A.I. Agent Audio Processor built with user experience in mind - free to use non-API. This will serve as the Audio Backbone of Somi A.I. Agent framework
A Python-based voice assistant that uses wake word detection, real-time speech transcription, and text-to-speech synthesis. Powered by OpenAI Whisper, Coqui TTS, and Ollama, it listens for wake words (e.g., "hey assistant"), transcribes speech, processes queries via a local Ollama model, and responds with synthesized speech.

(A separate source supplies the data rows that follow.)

Lemma separatrix_energy_le (K L : R) :
  0 <= lam -> 0 < L -> K < 1 ->
  (forall t, t <= tau -> 0 <= u t + K * x t ^ 2) -> (forall t, t <= tau -> th t <= L * x t) ->
  forall t, t <= tau ->
    2 * pos_sq (th t) + ((1 - K) * x t ^ 4 - 2 * x t ^ 2) <= 2 * L ^ 2 / (1 - K).
Proof.
  intros Hlam HL HK Hu_low Hth_up.
  destruct sep as (sol & lim_x & lim_th & _ & _).
  set (M := 1 - K).
  assert (HM : 0 < M) by (unfold M; lra).
  apply (le_of_deriv_nonpos_above _
    (fun t => 4 * Rmax (th t) 0 * (- lam * th t - x t * u t + x t - x t ^ 3)
              + (4 * M * x t ^ 3 - 4 * x t) * th t)
    tau (2 * pos_sq 0 + (M * 0 ^ 4 - 2 * 0 ^ 2))).
  - intros t Ht. destruct (sol t Ht) as (Dx & Dth & _).
    pose proof (is_derive_pos_sq (th t)). auto_derive_from_hyps. ring.
  - apply (is_lim_plus_comp th x (fun y => 2 * pos_sq y) (fun y => M * y ^ 4 - 2 * y ^ 2));
      auto; [|auto_derive; easy].
    exists (2 * (2 * Rmax 0 0)). apply is_derive_scal, is_derive_pos_sq.
  - unfold pos_sq. rewrite Rmax_left by lra.
    assert (0 < 2 * L ^ 2 / M) by (apply Rdiv_lt_0_compat; nra). lra.
  - intros t Ht Habove.
    pose proof (x_nonneg t Ht) as Hx. pose proof (Hu_low t Ht) as Hu.
    pose proof (Hth_up t Ht) as Hth.
    (* below the level 1/M of x^2, th <= L x caps the energy at 2 L^2 / M *)
    assert (Hx2 : 1 <= M * x t ^ 2).
    { apply Rnot_lt_le. intros Hsmall.
      assert (Hpos : 0 <= Rmax (th t) 0 <= L * x t).
      { split; [apply Rmax_r | apply Rmax_lub; nra]. }
      assert (pos_sq (th t) <= L ^ 2 * x t ^ 2) by (unfold pos_sq; nra).
      assert (L ^ 2 * x t ^ 2 * M <= L ^ 2) by nra.
      assert (L ^ 2 * x t ^ 2 <= L ^ 2 / M).
      { apply (Rmult_le_reg_r M); [exact HM|].
        replace (L ^ 2 / M * M) with (L ^ 2) by (field; lra). lra. }
      assert (2 * L ^ 2 / M = 2 * (L ^ 2 / M)) by (field; lra).
      nra. }
    destruct (Rle_dec (th t) 0) as [Hneg | Hpos].
    + rewrite Rmax_right by exact Hneg.
      assert (0 <= x t * (M * x t ^ 2 - 1)) by (apply Rmult_le_pos; lra).
      nra.
    + rewrite Rmax_left by lra.
      replace (4 * th t * (- lam * th t - x t * u t + x t - x t ^ 3)
               + (4 * M * x t ^ 3 - 4 * x t) * th t)
        with (- 4 * th t * (lam * th t + x t * (u t + K * x t ^ 2))) by (unfold M; ring).
      assert (0 <= lam * th t) by (apply Rmult_le_pos; lra).
      assert (0 <= x t * (u t + K * x t ^ 2)) by (apply Rmult_le_pos; lra).
      nra.
Qed.

Lemma separatrix_x_le (K L : R) :
  0 <= lam -> 0 < L -> K < 1 ->
  (forall t, t <= tau -> 0 <= u t + K * x t ^ 2) -> (forall t, t <= tau -> th t <= L * x t) ->
  forall t, t <= tau -> x t <= 1 + (2 + 2 * L ^ 2 / (1 - K)) / (1 - K).
Proof.
  intros Hlam HL HK Hu_low Hth_up t Ht.
  pose proof (separatrix_energy_le K L Hlam HL HK Hu_low Hth_up t Ht).
  assert (0 <= pos_sq (th t)) by apply pow2_ge_0.
  apply quartic_le; [lra | apply Rle_mult_inv_pos; nra | now apply x_nonneg | lra].
Qed.

Lemma separatrix_abs_u_le (K X : R) :
  0 < alpha -> 0 < beta -> 0 <= K -> 0 < X ->
  (forall t, t <= tau -> x t <= X) -> (forall t, t <= tau -> 0 <= u t + K * x t ^ 2) ->
  forall t, t <= tau -> Rabs (u t) <= beta * X ^ 2 / 2 + K * X ^ 2.
Proof.
  intros Halpha Hbeta HK HX Hx_up Hu_low.
  destruct sep as (sol & lim_x & _ & lim_u & _).
  assert (Hx2 : forall t, t <= tau -> x t ^ 2 <= X ^ 2).
  { intros t Ht. pose proof (x_nonneg t Ht). pose proof (Hx_up t Ht). apply pow_incr; lra. }
  assert (Hw : forall t, t <= tau -> 2 * u t + beta * x t ^ 2 <= beta * X ^ 2).
  { apply (le_of_deriv_nonpos_above _ (fun t => - 2 * alpha * u t) tau (2 * 0 + beta * 0 ^ 2)).
    - intros t Ht. destruct (sol t Ht) as (Dx & _ & Du). auto_derive_from_hyps. ring.
    - apply (is_lim_plus_comp u x (fun y => 2 * y) (fun y => beta * y ^ 2));
        auto; auto_derive; easy.
    - assert (0 < beta * X ^ 2) by (apply Rmult_lt_0_compat; [lra | apply pow_lt; lra]). lra.
    - intros t Ht Habove. pose proof (Hx2 t Ht). assert (0 < u t) by nra. nra. }
  intros t Ht. pose proof (Hw t Ht). pose proof (Hu_low t Ht). pose proof (Hx2 t Ht).
  assert (0 <= beta * x t ^ 2) by (apply Rmult_le_pos; [lra | apply pow2_ge_0]).
  apply Rabs_le. split; nra.
Qed.

Lemma separatrix_th_sq_le (L X U : R) :
  0 <= lam -> 0 <= L -> 0 < X -> 0 <= U ->
  (forall t, t <= tau -> x t <= X) -> (forall t, t <= tau -> Rabs (u t) <= U) ->
  (forall t, t <= tau -> th t <= L * x t) ->
  forall t, t <= tau -> th t ^ 2 <= 2 * (X * U + X ^ 3) * X + L ^ 2 * X ^ 2.
Proof.
  intros Hlam HL HX HU Hx_up Hu_abs Hth_up.
  destruct sep as (sol & lim_x & lim_th & _ & _).
  set (C1 := X * U + X ^ 3).
  assert (HC1 : 0 < C1).
  { unfold C1. assert (0 <= X * U) by (apply Rmult_le_pos; lra).
    assert (0 < X ^ 3) by (apply pow_lt; lra). lra. }
  (* while th < 0 its speed is at least - C1, and x' = th converts th^2 into a drop of x *)
  assert (HS : forall t, t <= tau -> 2 * C1 * x t + th t ^ 2 <= 2 * C1 * X + L ^ 2 * X ^ 2).
  { apply (le_of_deriv_nonpos_above _
      (fun t => 2 * th t * (C1 + (- lam * th t - x t * u t + x t - x t ^ 3))) tau
      (2 * C1 * 0 + 0 ^ 2)).
    - intros t Ht. destruct (sol t Ht) as (Dx & Dth & _). auto_derive_from_hyps. ring.
    - apply (is_lim_plus_comp x th (fun y => 2 * C1 * y) (fun y => y ^ 2)); auto; auto_derive; easy.
    - assert (0 <= L ^ 2 * X ^ 2) by (rewrite <- Rpow_mult_distr; apply pow2_ge_0). nra.
    - intros t Ht Habove.
      pose proof (x_nonneg t Ht) as Hx. pose proof (Hx_up t Ht). pose proof (Hu_abs t Ht).
      pose proof (Hth_up t Ht).
      assert (Hneg : th t < 0).
      { apply Rnot_le_lt. intros Hpos.
        assert (th t ^ 2 <= L ^ 2 * X ^ 2).
        { replace (L ^ 2 * X ^ 2) with ((L * X) ^ 2) by ring.
          apply pow_incr. split; [lra|]. apply (Rle_trans _ (L * x t)); [lra|].
          apply Rmult_le_compat_l; lra. }
        nra. }
      assert (x t * u t <= X * U).
      { apply (Rle_trans _ (Rabs (x t * u t))); [apply Rle_abs|].
        rewrite Rabs_mult, Rabs_pos_eq by lra. apply Rmult_le_compat; try lra. apply Rabs_pos. }
      assert (x t ^ 3 <= X ^ 3) by (apply pow_incr; lra).
      assert (0 <= - lam * th t) by nra.
      assert (0 <= C1 + (- lam * th t - x t * u t + x t - x t ^ 3)) by (unfold C1; lra).
      nra. }
  intros t Ht. pose proof (HS t Ht). pose proof (x_nonneg t Ht).
  assert (0 <= 2 * C1 * x t) by nra. lra.
Qed.

End Separatrix.

Theorem lemma2 (lam alpha beta L : R) :
  0 <= lam -> 0 < alpha -> 0 < beta ->
  alpha * (sqrt (lam ^ 2 + 4) + lam) > 2 * (beta - 2) ->
  0 < L -> L > (sqrt (lam ^ 2 + 4) - lam) / 2 ->
  beta * L / (alpha + 2 * L) < 1 ->
  0 < 1 - beta * L / (alpha + 2 * L) ->
  exists Rb : R, 0 < Rb /\
    forall (x th u : R -> R) (tau : R),
      pos_separatrix_upto lam alpha beta x th u tau ->
      (forall t, t <= tau -> 0 <= x t) ->
      forall t, t <= tau ->
        x t <= Rb /\ Rabs (th t) <= Rb /\ Rabs (u t) <= Rb.
Proof.
  (* the condition on alpha only guarantees that an admissible L exists, and
     0 < 1 - K repeats K < 1 *)
  intros Hlam Halpha Hbeta _ HL HL_root HK1 _.
  set (K := beta * L / (alpha + 2 * L)) in *.
  assert (HK : K * (alpha + 2 * L) = beta * L) by (unfold K; field; lra).
  assert (HK0 : 0 <= K) by (unfold K; left; apply Rdiv_lt_0_compat; nra).
  assert (HKbeta : 2 * K <= beta) by nra.
  assert (HL1 : 1 <= L ^ 2 + lam * L).
  { pose proof (sqrt_pos (lam ^ 2 + 4)). pose proof (sqrt_sqrt (lam ^ 2 + 4) ltac:(nra)). nra. }
  set (X := 1 + (2 + 2 * L ^ 2 / (1 - K)) / (1 - K)).
  set (U := beta * X ^ 2 / 2 + K * X ^ 2).
  set (B := 2 * (X * U + X ^ 3) * X + L ^ 2 * X ^ 2).
  assert (HX : 1 <= X).
  { assert (0 <= 2 * L ^ 2 / (1 - K)) by (apply Rle_mult_inv_pos; nra).
    assert (0 <= (2 + 2 * L ^ 2 / (1 - K)) / (1 - K)) by (apply Rle_mult_inv_pos; lra).
    unfold X. lra. }
  assert (HU : 0 <= U) by (unfold U; nra).
  assert (HB : 0 <= B) by (unfold B; nra).
  exists (X + U + (1 + B)). split; [lra|].
  intros x th u tau sep x_nonneg t Ht.
  pose proof (separatrix_invariant lam alpha beta x th u tau sep x_nonneg K L
    Hlam Halpha HL HK HKbeta HL1 ltac:(lra)) as Hinv.
  assert (Hu_low := fun s Hs => proj1 (Hinv s Hs)).
  assert (Hth_up := fun s Hs => proj2 (Hinv s Hs)).
  pose proof (separatrix_x_le lam alpha beta x th u tau sep x_nonneg K L
    Hlam HL HK1 Hu_low Hth_up) as Hx.
  fold X in Hx.
  pose proof (separatrix_abs_u_le lam alpha beta x th u tau sep x_nonneg K X
    Halpha Hbeta HK0 ltac:(lra) Hx Hu_low) as Hu.
  fold U in Hu.
  pose proof (separatrix_th_sq_le lam alpha beta x th u tau sep x_nonneg L X U
    Hlam ltac:(lra) ltac:(lra) HU Hx Hu Hth_up t Ht) as Hth.
  fold B in Hth.
  pose proof (Hx t Ht). pose proof (Hu t Ht).
  pose proof (pow2_abs (th t)). pose proof (Rabs_pos (th t)).
  split; [lra | split; [nra | lra]].
Qed.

Features include customizable chime sounds, audio file cleanup, and robust error handling.
Hardware requirements: Flexible and depends on the models used Low-end Hardware - recommend switching model from gemma3:4b to gemma3:1b in settings High-end Hardware - recommend larger models for better processing IF nvidia gpu please install cuda driver and cuda for python
We urge you to take a look at config/settings.py to adjust any parameters necessary including wake words
Currently this is an English Based Audio Processing Unit for now
Features: Wake Word Detection: Activates on phrases like "hey assistant" or "hi" with a pleasant chime sound.
Real-Time Transcription: Uses OpenAI Whisper to transcribe spoken input.

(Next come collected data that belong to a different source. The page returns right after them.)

Lemma count_ambiguous_prefixes : eps < 1 -> eps_sensitive n layer next root C eps ->
  (count (fun k => ambiguous_at k) (iota 0 n))%:R <= eps * n%:R.
Proof.
move=> eps_lt1 sensitive.
have [/hasP [k] | no_amb] := boolP (has (fun k => ambiguous_at k) (iota 0 n)); last first.
  move: no_amb; rewrite has_count -leqNgt leqn0 => /eqP ->.
  by rewrite mulr_ge0 ?ler0n ?ltW.
rewrite mem_iota => /andP [_ kn] /(ambiguous_margins eps_lt1 kn) [p [_ [p_k _ p_pos _ _]]].
have pn : (size p <= n)%N by rewrite p_k.
have u_in_L : in_L (vend p) by apply: in_L_vend; rewrite ?p_k.
case: p p_k u_in_L {pn p_pos} => // a0 p _ u_in_L.
case: (arg_maxnP layer u_in_L) => vD vD_in_L vD_deepest.
have := sensitive _ (size_tree_word a0 vD) _ (prefix_tree_tree_paths a0 vD_in_L vD_deepest eps_lt1).
have := agr_tree_paths a0 vD_in_L vD_deepest eps_lt1; rewrite -(ler_nat R) natrD.
by rewrite mulrDl mul1r => ge le; have := le_trans ge le; lra.
Qed.

End BestPaths.

(* Indices i in 1..n are written i = k.+1 with k in 0..n-1 (0-indexed positions). *)
Theorem theorem5p11 (R : realFieldType) (eps : R) (n : nat)
  (Sin Sout V : finType) (layer : V -> nat) (root : V) (next : V -> Sin -> V)
  (C : V -> Sin -> Sout) :
  0 < eps ->
  layered_graph n layer root next ->
  eps_sensitive n layer next root C eps ->
  forall (x : seq Sin) (w : seq Sout), size x = n -> size w = n ->
  (count (fun k =>
      (onth (code_of next root C x) k == onth w k) &&
      (CDec next root C eps (take k.+1 w) != Some (vend next root (take k.+1 x))))
     (iota 0 n))%:R <= 2 * eps * n%:R.
Proof.
move=> eps_gt0 graphG sensitive x w x_n w_n; set bad := count _ _.
have [eps_ge1 | eps_lt1] := leP 1 eps.
  apply: le_trans (_ : n%:R <= _); last by have := ler0n R n; nra.
  by rewrite ler_nat /bad -[leqRHS](size_iota 0 n) count_size.
pose far k := (onth (code_of next root C x) k == onth w k) &&
              ~~ close eps root next C w (take k.+1 x).
pose amb k := ambiguous eps root next C (take k.+1 w).
have xw : size x = size w by rewrite x_n w_n.
have far_le : (count far (iota 0 n))%:R <= eps * n%:R.
  by rewrite -w_n; apply: count_agreeing_far_prefixes; rewrite ?ltW.
have amb_le : (count amb (iota 0 n))%:R <= eps * n%:R.
  exact: (count_ambiguous_prefixes graphG eps_gt0 w_n eps_lt1 sensitive).
suff split : (bad <= count far (iota 0 n) + count amb (iota 0 n))%N.
  by move: split; rewrite -(ler_nat R) natrD; lra.
rewrite /bad -count_predUI; apply: leq_trans (leq_addr _ _).
apply: sub_count => k /= /andP [agree wrong].
by rewrite /far agree /=; apply: CDec_prefix_fail.
Qed.
(* Let $\kappa$ be an algebraically closed field of characteristic zero, complete for a non-trivial non-Archimedean absolute value. Let $a,b\in\kappa$ with $|a|=1$, let $L(z)=az+b$, let $f\in\mathcal{M}(\kappa)$ be a meromorphic function not identically zero, and let $m$ be a positive integer. Then for every $r>|b|$, $$m\!\left(r,\frac{f\circ L}{f}\right)=0,\qquad m\!\left(r,\frac{\Delta_L^mf}{f}\right)=0.$$
   Context: $\mathcal{M}(\kappa)$ is the field of meromorphic functions over $\kappa$ (quotients $g/h$ of power series converging on all of $\kappa$). For entire $g=\sum a_nz^n$, $\mu(r,g)=\max_n|a_n|r^n$; $\mu(r,g/h)=\mu(r,g)/\mu(r,h)$; $m(r,F)=\log^+\mu(r,F)$. $\Delta_Lf=f\circ L-f$, $\Delta_L^mf=\Delta_L(\Delta_L^{m-1}f)$. *)

From HB Require Import structures.
From mathcomp Require Import all_boot all_order all_algebra.
From mathcomp Require Import all_classical all_reals all_analysis.
Set Implicit Arguments. Unset Strict Implicit. Unset Printing Implicit Defensive.
Import Order.TTheory GRing.Theory Num.Theory.
Local Open Scope classical_set_scope.
Local Open Scope ring_scope.

Record nonarch_abs (K : fieldType) (R : realType) := NonArchAbs {
  nabs : K -> R;
  nabs_ge0 : forall x, 0 <= nabs x;
  nabs_eq0 : forall x, nabs x = 0 <-> x = 0;
  nabsM : forall x y, nabs (x * y) = nabs x * nabs y;
  nabs_ultra : forall x y, nabs (x + y) <= Num.max (nabs x) (nabs y)
}.

Section Defs.
Context {K : fieldType} {R : realType} (v : nonarch_abs K R).
Local Notation "|. x .|" := (nabs v x).

Definition nontrivial_abs : Prop := exists x : K, |. x .| <> 0 /\ |. x .| <> 1.

Definition kcvg (u : nat -> K) (l : K) : Prop :=
  forall e : R, 0 < e -> exists N, forall n, (N <= n)%N -> |. u n - l .| < e.

Definition kcauchy (u : nat -> K) : Prop :=
  forall e : R, 0 < e -> exists N, forall m n, (N <= m)%N -> (N <= n)%N ->
    |. u m - u n .| < e.

Definition complete_abs : Prop :=
  forall u : nat -> K, kcauchy u -> exists l, kcvg u l.

(** sum of a series in K (the limit of the partial sums; 0 if none) *)
Definition ksum (u : nat -> K) : K :=
  xget 0 [set l | kcvg (fun N => \sum_(j < N) u j) l].

(** power series sum_n a n z^n converging on all of K *)
Definition entire (a : nat -> K) : Prop :=
  forall z : K, forall e : R, 0 < e ->
    exists N, forall n, (N <= n)%N -> |. a n .| * |. z .| ^+ n < e.

Definition mu_ent (r : R) (a : nat -> K) : R :=
  sup (range (fun n : nat => |. a n .| * r ^+ n)).

Definition ps_mul (a b : nat -> K) : nat -> K :=
  fun n => \sum_(i < n.+1) a i * b (n - i)%N.
Definition ps_sub (a b : nat -> K) : nat -> K := fun n => a n - b n.

(** coefficients of z |-> g(al z + be), for g = sum_k a k z^k:
    c_n = sum_{k >= n} a_k C(k,n) al^n be^(k-n) *)
Definition ps_comp_aff (al be : K) (a : nat -> K) : nat -> K :=
  fun n => ksum (fun j => a (n + j)%N * ('C(n + j, n))%:R * al ^+ n * be ^+ j).

(** meromorphic functions represented as quotients g/h of entire functions *)
Definition mero := ((nat -> K) * (nat -> K))%type.

Definition mero_sub (F G : mero) : mero :=
  (ps_sub (ps_mul F.1 G.2) (ps_mul G.1 F.2), ps_mul F.2 G.2).
Definition mero_div (F G : mero) : mero :=
  (ps_mul F.1 G.2, ps_mul F.2 G.1).
Definition mero_comp_aff (al be : K) (F : mero) : mero :=
  (ps_comp_aff al be F.1, ps_comp_aff al be F.2).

Natural Language Processing: Queries are processed by a local Ollama model (e.g., gemma3:4b).
Text-to-Speech: Generates responses using Coqui TTS with a natural-sounding voice.
Audio File Management: Saves output files in audio_outputs/ and cleans up files older than 1 hour every 5 minutes.

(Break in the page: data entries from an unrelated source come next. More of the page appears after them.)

Lemma edge_lik_true_false k n a c oc :
  edge_lik k n a c true oc + edge_lik k n a c false oc =
  / INR k * sum_labels k (fun z => lik k n c z oc).
Proof.
  unfold edge_lik. rewrite !sum_labels_sumR.
  rewrite <- sumR_scal, <- sumR_plus. apply sumR_ext_in.
  intros z _. destruct (z =? a)%nat; cbn; ring.
Qed.

Lemma combine_map {A B C} (f : A -> B) (g : A -> C) l :
  combine (map f l) (map g l) = map (fun x => (f x, g x)) l.
Proof. induction l; cbn; f_equal; assumption. Qed.

Lemma P_law_graft d k n a ts :
  P_law d k (S n) a (graft ts) = poisson d (length ts) * prodR (child_weight d k n a) ts.
Proof.
  unfold P_law, graft, child_weight. cbn [fst snd gw_prob lik].
  rewrite !length_map, Nat.eqb_refl, combine_map, !map_map.
  rewrite prodR_mult. unfold poisson, prodR, edge_lik. ring.
Qed.

Lemma graft_combine cs ys : length cs = length ys ->
  graft (map (fun p => (fst (snd p), (fst p, snd (snd p)))) (combine cs ys)) = (Node cs, ONode ys).
Proof.
  unfold graft. rewrite !map_map. cbn.
  revert ys; induction cs as [|c cs IH]; intros [|[b o] ys] H; cbn in *; try lia; [reflexivity|].
  injection H as H. specialize (IH ys H). injection IH as -> ->. reflexivity.
Qed.

Lemma le_list_sum_In {A} (f : A -> nat) x l : In x l -> (f x <= list_sum (map f l))%nat.
Proof.
  induction l as [|y l IH]; intros Hx; [destruct Hx|].
  change (list_sum (map f (y :: l))) with (f y + list_sum (map f l))%nat.
  destruct Hx as [->|Hx]; [lia|]. specialize (IH Hx). lia.
Qed.

Lemma length_le_list_sum_tsize cs : (length cs <= list_sum (map tsize cs))%nat.
Proof.
  induction cs as [|[c] cs IH]; [reflexivity|].
  change (S (length cs) <= tsize (Node c) + list_sum (map tsize cs))%nat. cbn [tsize]. lia.
Qed.

Lemma lik_nonzero_In_enum k t M tau o a : (1 <= a <= k)%nat ->
  lik k t tau a o <> 0 -> (tsize tau <= M)%nat -> In (tau, o) (enum k t M).
Proof.
  revert M tau o a; induction t; intros M [cs] o a Ha Hlik Hsize.
  - destruct cs, o as [y|ys]; cbn in Hlik; try lra.
    destruct (Nat.eqb_spec a y) as [<-|]; [|lra].
    apply (in_map (fun y => (Node [], OLeaf y))), in_seq. lia.
  - destruct o as [y|ys]; [cbn in Hlik; lra|].
    cbn [lik] in Hlik. destruct (Nat.eqb_spec (length cs) (length ys)) as [Hlen|]; [|lra].
    set (ts := map (fun p => (fst (snd p), (fst p, snd (snd p)))) (combine cs ys)).
    assert (Hts : length ts = length cs) by (unfold ts; rewrite length_map, length_combine; lia).
    cbn [enum]. apply in_flat_map. exists (length cs). split.
    { apply in_seq. cbn in Hsize. pose proof (length_le_list_sum_tsize cs). lia. }
    rewrite <- (graft_combine cs ys Hlen). apply in_map. fold ts. rewrite <- Hts.
    apply In_tuples. intros e He. unfold ts in He.
    apply in_map_iff in He as [[c [b oc]] [<- Hp]].
    pose proof (prodR_nonzero _ _ _ Hlik Hp) as Hedge. cbv beta iota in Hedge.
    apply sumR_nonzero in Hedge as [z [Hz Hz0]]. apply in_seq in Hz.
    assert (In (c, oc) (enum k t M)).
    { apply (IHt M c oc z); [lia| |].
      - intros E0. apply Hz0. rewrite E0. ring.
      - apply in_combine_l, (le_list_sum_In tsize) in Hp. cbn in Hsize. lia. }
    unfold edge_choices. apply in_or_app. destruct b; [left|right]; apply in_map; assumption.
Qed.
Lemma mulUA A B C : upper B -> forall i j, mulU (mulU A B) C i j = mulU A (mulU B C) i j.
Proof.
move=> uB i j; rewrite /mulU.
have widen l : (1 <= l < j.+1)%N ->
    (\sum_(1 <= m < l.+1) A i m * B m l) * C l j = \sum_(1 <= m < j.+1) A i m * B m l * C l j.
  move=> /andP[l1 lt_lj]; rewrite mulr_suml [RHS](@big_nat_trunc _ _ _ _ _ l.+1) //.
  by move=> m lt_lm; rewrite uB ?mulr0 ?mul0r //; lia.
rewrite (eq_big_nat _ _ widen) (@exchange_big_nat _ _ _ 1 j.+1 1 j.+1) /=.
by apply: eq_bigr => m _; rewrite mulr_sumr; apply: eq_bigr => l _; rewrite mulrA.
Qed.

Lemma eq_mulUr A B B' i j : (forall l, (0 < l)%N -> B l j = B' l j) ->
  mulU A B i j = mulU A B' i j.
Proof. by move=> eqB; apply: eq_big_nat => l /andP[l1 _]; rewrite eqB. Qed.

Lemma eq_mulUl A A' B i j : (forall l, (0 < l)%N -> A i l = A' i l) ->
  mulU A B i j = mulU A' B i j.
Proof. by move=> eqA; apply: eq_big_nat => l /andP[l1 _]; rewrite eqA. Qed.

Lemma mulU1 A i j : (0 < j)%N -> mulU A (idmx R) i j = A i j.
Proof.
by move=> j0; rewrite /mulU (eq_bigr _ (fun l _ => mulrC _ _)) sum_delta j0 ltnSn.
Qed.

(* Back substitution for a unitriangular [A]; the fuel [n] only has to exceed [j - i]. *)
Fixpoint uinv_rec A (n i j : nat) : R[i] :=
  if n is n'.+1 then
    if i == j then 1 else if (j < i)%N then 0
    else - \sum_(i.+1 <= l < j.+1) A i l * uinv_rec A n' l j
  else (i == j)%:R.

Configurable Settings: Customize wake words, chime sounds, and cleanup intervals in settings.py.
Debugging Support: Logs interactions and errors to speech_pipeline.log.
Please download and install the following
Python: Version 3.8–3.11 (3.10 recommended).
FFmpeg: Required for Whisper audio processing.
Ollama: Local server for NLP (model: gemma3:4b).
Microphone and Speakers: For audio input/output.
Optional: NVIDIA GPU for faster TTS with CUDA. Please install CUDA drivers from the Nvidia website for your gpu
Installation using command prompt
- git clone https://github.com/Somi-Project/Alex-Ai
- cd Alex-Ai
- pip install -r requirements.txt
In a separate command prompt
- ollama pull gemma3:4b
- ollama run gemma3:4b
Return to Alex-Ai root folder via Command Prompt IF you have an Nvidia GPU we recommend the following: pip install torch==2.4.1+cu121 -f https://download.pytorch.org/whl/torch_stable.html
Return to Alex-Ai root folder
- python speech.py
The assistant starts with a greeting: "Hi! My name is Somi and I'm here to help you - please say a trigger word to start chatting."
Say a wake word (e.g., "hey assistant") followed by a query.
Hear a "Ding...ding...ding!" chime when activated and a "Dong...dong" when the session ends (after 5 minutes of inactivity).
Troubleshooting Microphone Errors: Ensure a microphone is connected and set as the default input device.
Check sounddevice logs in speech_pipeline.log.
Ollama Connection Issues: Verify Ollama is running (ollama serve) and the gemma3:4b model is installed.
Check OLLAMA_ENDPOINT in settings.py.
TTS Model Download: On first run, Coqui TTS downloads tts_models/en/ljspeech/vits. Ensure internet access.
Low Audio Quality: Adjust AUDIO_GAIN or SILENCE_THRESHOLD in settings.py.
File Clutter: The cleanup thread deletes files in audio_outputs/ older than FILE_RETENTION_SECONDS every CLEANUP_INTERVAL seconds. Check logs for confirmation.